** TASK DESCRIPTION **
The required output is the lines below from the line containing "apply: (K1_eq0 (cu" to the line containing "rewrite !softargmin_lawE -/L", inclusive, retyped exactly. No other lines belong in it.

[[ EXERCISE DATA, beginning ]]

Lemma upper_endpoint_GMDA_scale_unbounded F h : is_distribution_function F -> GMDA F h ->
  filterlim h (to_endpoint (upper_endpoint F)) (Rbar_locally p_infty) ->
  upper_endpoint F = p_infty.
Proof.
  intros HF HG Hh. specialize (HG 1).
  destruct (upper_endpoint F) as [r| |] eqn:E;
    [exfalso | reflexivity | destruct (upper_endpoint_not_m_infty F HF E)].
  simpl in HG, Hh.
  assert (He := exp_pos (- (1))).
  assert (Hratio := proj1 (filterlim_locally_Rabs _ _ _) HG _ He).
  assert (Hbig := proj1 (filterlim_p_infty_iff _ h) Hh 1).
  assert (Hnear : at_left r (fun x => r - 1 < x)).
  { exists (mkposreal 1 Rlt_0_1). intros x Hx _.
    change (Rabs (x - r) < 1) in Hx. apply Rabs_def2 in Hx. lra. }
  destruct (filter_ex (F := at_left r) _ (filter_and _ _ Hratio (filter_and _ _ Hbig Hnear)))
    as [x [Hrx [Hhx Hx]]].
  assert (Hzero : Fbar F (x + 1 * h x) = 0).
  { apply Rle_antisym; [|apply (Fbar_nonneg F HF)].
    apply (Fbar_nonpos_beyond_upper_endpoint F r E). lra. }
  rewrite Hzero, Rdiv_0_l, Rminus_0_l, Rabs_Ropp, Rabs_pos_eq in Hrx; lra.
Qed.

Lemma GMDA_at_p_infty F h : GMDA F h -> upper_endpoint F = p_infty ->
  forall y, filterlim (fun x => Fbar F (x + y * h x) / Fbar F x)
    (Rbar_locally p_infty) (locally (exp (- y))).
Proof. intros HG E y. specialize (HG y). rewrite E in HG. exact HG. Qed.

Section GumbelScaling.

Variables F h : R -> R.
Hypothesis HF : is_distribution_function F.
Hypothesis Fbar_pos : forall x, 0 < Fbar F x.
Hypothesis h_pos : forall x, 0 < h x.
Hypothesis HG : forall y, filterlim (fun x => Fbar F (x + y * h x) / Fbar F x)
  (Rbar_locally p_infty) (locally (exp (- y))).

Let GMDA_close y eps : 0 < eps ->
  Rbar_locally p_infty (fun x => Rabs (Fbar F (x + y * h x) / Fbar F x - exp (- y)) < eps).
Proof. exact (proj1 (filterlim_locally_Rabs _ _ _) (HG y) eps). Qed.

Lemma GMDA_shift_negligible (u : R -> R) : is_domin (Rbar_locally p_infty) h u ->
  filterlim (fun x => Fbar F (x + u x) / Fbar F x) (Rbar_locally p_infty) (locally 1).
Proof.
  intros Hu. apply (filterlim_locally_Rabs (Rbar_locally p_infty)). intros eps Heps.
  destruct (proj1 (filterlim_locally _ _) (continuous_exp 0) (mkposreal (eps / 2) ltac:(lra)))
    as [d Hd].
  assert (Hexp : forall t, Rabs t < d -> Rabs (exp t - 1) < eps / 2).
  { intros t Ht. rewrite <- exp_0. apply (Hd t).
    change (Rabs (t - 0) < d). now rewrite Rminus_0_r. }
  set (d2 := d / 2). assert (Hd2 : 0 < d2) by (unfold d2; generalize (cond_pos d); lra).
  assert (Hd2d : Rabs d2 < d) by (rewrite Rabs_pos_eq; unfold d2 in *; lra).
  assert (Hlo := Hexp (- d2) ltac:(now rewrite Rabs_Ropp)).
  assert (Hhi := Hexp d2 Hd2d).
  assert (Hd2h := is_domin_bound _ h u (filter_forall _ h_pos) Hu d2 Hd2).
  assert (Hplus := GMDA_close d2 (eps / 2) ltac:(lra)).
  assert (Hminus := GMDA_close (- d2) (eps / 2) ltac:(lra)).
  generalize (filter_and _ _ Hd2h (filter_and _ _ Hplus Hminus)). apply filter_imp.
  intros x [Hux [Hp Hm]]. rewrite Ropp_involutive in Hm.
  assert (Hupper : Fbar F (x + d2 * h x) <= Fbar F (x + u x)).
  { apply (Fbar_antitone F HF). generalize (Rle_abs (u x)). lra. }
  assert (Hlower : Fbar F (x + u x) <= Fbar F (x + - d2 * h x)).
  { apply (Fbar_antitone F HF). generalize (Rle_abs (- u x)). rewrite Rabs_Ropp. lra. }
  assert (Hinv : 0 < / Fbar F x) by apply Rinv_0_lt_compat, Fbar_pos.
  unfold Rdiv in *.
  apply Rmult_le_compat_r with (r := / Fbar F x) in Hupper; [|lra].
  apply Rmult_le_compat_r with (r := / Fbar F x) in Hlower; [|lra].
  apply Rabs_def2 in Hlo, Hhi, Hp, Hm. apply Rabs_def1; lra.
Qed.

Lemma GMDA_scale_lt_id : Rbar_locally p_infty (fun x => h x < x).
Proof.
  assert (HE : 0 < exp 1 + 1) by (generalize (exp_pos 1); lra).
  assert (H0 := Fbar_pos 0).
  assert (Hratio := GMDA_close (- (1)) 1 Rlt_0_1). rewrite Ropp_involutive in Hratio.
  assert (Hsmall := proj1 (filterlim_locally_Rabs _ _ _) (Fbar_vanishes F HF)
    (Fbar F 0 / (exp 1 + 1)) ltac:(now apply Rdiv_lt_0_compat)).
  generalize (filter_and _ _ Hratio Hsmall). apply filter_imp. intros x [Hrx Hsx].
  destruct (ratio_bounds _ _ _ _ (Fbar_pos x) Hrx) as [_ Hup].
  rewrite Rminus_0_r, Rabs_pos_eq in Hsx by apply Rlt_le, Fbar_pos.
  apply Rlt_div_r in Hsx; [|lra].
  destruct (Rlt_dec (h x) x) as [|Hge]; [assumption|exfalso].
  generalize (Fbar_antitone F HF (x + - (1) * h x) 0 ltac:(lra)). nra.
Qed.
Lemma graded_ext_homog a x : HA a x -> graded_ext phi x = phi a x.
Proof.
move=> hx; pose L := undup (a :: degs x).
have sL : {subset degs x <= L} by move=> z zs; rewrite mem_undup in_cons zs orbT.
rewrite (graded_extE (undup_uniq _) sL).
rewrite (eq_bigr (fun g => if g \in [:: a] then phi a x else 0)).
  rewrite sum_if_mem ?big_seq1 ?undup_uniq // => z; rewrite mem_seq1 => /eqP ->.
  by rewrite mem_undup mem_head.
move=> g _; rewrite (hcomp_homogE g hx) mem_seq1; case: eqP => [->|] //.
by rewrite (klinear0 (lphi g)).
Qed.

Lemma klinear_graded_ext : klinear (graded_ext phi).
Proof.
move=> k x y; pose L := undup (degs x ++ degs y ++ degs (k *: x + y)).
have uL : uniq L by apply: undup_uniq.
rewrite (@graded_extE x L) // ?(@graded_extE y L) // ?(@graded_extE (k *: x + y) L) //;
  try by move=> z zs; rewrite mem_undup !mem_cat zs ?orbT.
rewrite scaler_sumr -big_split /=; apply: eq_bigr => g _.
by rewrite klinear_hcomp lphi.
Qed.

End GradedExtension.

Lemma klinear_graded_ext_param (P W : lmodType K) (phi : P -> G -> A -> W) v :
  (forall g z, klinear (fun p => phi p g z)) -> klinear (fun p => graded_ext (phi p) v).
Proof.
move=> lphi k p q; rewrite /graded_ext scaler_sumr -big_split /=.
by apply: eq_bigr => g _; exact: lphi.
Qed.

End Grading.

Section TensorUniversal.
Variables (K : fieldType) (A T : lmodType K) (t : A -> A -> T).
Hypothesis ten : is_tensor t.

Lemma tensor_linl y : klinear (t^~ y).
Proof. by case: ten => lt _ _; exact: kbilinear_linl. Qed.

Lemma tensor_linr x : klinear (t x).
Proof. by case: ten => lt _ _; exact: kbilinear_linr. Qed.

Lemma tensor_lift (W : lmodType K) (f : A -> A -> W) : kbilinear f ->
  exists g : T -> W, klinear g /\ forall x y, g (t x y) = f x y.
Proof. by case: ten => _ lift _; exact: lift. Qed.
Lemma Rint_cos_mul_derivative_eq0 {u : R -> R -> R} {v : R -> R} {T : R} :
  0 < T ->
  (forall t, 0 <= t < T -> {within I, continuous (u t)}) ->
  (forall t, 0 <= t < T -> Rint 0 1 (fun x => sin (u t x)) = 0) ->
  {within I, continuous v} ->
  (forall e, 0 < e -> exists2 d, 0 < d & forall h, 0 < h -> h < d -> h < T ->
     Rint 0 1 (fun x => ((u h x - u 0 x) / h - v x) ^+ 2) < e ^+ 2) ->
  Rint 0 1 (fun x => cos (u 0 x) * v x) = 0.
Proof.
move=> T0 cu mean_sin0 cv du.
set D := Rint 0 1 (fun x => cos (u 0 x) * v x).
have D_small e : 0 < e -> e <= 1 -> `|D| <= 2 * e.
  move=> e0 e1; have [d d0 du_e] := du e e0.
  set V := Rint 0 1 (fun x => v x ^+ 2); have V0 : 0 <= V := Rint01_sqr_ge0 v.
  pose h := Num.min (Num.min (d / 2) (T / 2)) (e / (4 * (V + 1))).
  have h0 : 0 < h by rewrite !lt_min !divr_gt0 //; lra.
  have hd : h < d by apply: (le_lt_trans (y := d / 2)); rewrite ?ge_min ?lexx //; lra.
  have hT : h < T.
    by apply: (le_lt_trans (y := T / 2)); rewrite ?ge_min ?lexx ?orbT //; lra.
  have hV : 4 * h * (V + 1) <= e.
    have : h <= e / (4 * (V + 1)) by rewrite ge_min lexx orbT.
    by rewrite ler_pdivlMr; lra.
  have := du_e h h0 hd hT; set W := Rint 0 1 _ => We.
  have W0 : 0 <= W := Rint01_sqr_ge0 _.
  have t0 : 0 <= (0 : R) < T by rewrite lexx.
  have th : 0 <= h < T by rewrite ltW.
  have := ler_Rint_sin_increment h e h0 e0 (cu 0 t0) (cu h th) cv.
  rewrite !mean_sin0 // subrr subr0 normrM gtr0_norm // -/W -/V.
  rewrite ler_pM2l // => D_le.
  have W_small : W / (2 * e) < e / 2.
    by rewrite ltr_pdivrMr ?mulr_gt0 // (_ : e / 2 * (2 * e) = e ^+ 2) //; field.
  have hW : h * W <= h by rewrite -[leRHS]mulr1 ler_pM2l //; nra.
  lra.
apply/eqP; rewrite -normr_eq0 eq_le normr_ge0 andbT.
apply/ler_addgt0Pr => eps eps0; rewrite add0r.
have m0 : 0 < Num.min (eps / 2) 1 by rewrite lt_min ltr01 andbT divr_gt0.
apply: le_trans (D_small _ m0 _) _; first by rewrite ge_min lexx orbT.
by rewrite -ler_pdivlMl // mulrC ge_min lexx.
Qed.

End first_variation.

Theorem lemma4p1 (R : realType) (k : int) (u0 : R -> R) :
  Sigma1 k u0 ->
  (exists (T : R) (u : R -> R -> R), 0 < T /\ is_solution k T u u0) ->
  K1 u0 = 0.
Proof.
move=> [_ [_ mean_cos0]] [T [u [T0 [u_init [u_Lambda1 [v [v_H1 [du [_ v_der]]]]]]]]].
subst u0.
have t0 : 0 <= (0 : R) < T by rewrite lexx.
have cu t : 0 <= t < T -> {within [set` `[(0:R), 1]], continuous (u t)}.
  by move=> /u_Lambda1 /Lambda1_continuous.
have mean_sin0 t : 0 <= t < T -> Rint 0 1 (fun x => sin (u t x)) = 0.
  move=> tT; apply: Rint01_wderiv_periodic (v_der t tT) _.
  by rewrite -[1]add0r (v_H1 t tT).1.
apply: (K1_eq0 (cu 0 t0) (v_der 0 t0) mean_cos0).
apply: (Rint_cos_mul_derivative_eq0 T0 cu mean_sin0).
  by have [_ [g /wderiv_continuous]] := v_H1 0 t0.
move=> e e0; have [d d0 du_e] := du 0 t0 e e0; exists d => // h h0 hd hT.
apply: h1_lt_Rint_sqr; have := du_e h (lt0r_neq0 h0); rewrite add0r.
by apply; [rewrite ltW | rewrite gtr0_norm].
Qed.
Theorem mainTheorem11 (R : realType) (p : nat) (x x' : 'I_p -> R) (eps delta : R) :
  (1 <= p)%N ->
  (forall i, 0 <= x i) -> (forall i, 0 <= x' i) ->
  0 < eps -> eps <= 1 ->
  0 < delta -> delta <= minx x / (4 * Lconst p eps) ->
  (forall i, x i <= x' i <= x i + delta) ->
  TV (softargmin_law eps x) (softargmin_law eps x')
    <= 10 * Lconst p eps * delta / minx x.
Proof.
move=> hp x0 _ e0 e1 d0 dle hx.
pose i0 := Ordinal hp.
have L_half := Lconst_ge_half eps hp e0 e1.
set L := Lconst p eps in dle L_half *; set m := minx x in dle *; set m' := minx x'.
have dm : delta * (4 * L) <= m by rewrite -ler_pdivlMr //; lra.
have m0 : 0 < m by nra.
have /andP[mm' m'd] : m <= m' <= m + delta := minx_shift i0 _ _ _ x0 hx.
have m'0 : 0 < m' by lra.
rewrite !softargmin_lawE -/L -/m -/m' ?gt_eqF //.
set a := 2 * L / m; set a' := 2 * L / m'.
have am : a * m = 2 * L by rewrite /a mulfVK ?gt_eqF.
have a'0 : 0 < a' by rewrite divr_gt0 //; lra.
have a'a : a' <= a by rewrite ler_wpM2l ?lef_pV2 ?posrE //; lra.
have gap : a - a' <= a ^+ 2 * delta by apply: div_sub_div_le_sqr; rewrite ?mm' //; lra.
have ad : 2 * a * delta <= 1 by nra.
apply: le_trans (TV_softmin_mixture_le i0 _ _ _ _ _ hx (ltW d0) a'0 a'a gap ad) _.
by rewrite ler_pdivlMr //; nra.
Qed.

[[ EXERCISE DATA, end ]]

** TASK SOLUTION **
apply: (K1_eq0 (cu 0 t0) (v_der 0 t0) mean_cos0).
apply: (Rint_cos_mul_derivative_eq0 T0 cu mean_sin0).
  by have [_ [g /wderiv_continuous]] := v_H1 0 t0.
move=> e e0; have [d d0 du_e] := du 0 t0 e e0; exists d => // h h0 hd hT.
apply: h1_lt_Rint_sqr; have := du_e h (lt0r_neq0 h0); rewrite add0r.
by apply; [rewrite ltW | rewrite gtr0_norm].
Qed.
Theorem mainTheorem11 (R : realType) (p : nat) (x x' : 'I_p -> R) (eps delta : R) :
  (1 <= p)%N ->
  (forall i, 0 <= x i) -> (forall i, 0 <= x' i) ->
  0 < eps -> eps <= 1 ->
  0 < delta -> delta <= minx x / (4 * Lconst p eps) ->
  (forall i, x i <= x' i <= x i + delta) ->
  TV (softargmin_law eps x) (softargmin_law eps x')
    <= 10 * Lconst p eps * delta / minx x.
Proof.
move=> hp x0 _ e0 e1 d0 dle hx.
pose i0 := Ordinal hp.
have L_half := Lconst_ge_half eps hp e0 e1.
set L := Lconst p eps in dle L_half *; set m := minx x in dle *; set m' := minx x'.
have dm : delta * (4 * L) <= m by rewrite -ler_pdivlMr //; lra.
have m0 : 0 < m by nra.
have /andP[mm' m'd] : m <= m' <= m + delta := minx_shift i0 _ _ _ x0 hx.
have m'0 : 0 < m' by lra.
rewrite !softargmin_lawE -/L -/m -/m' ?gt_eqF //.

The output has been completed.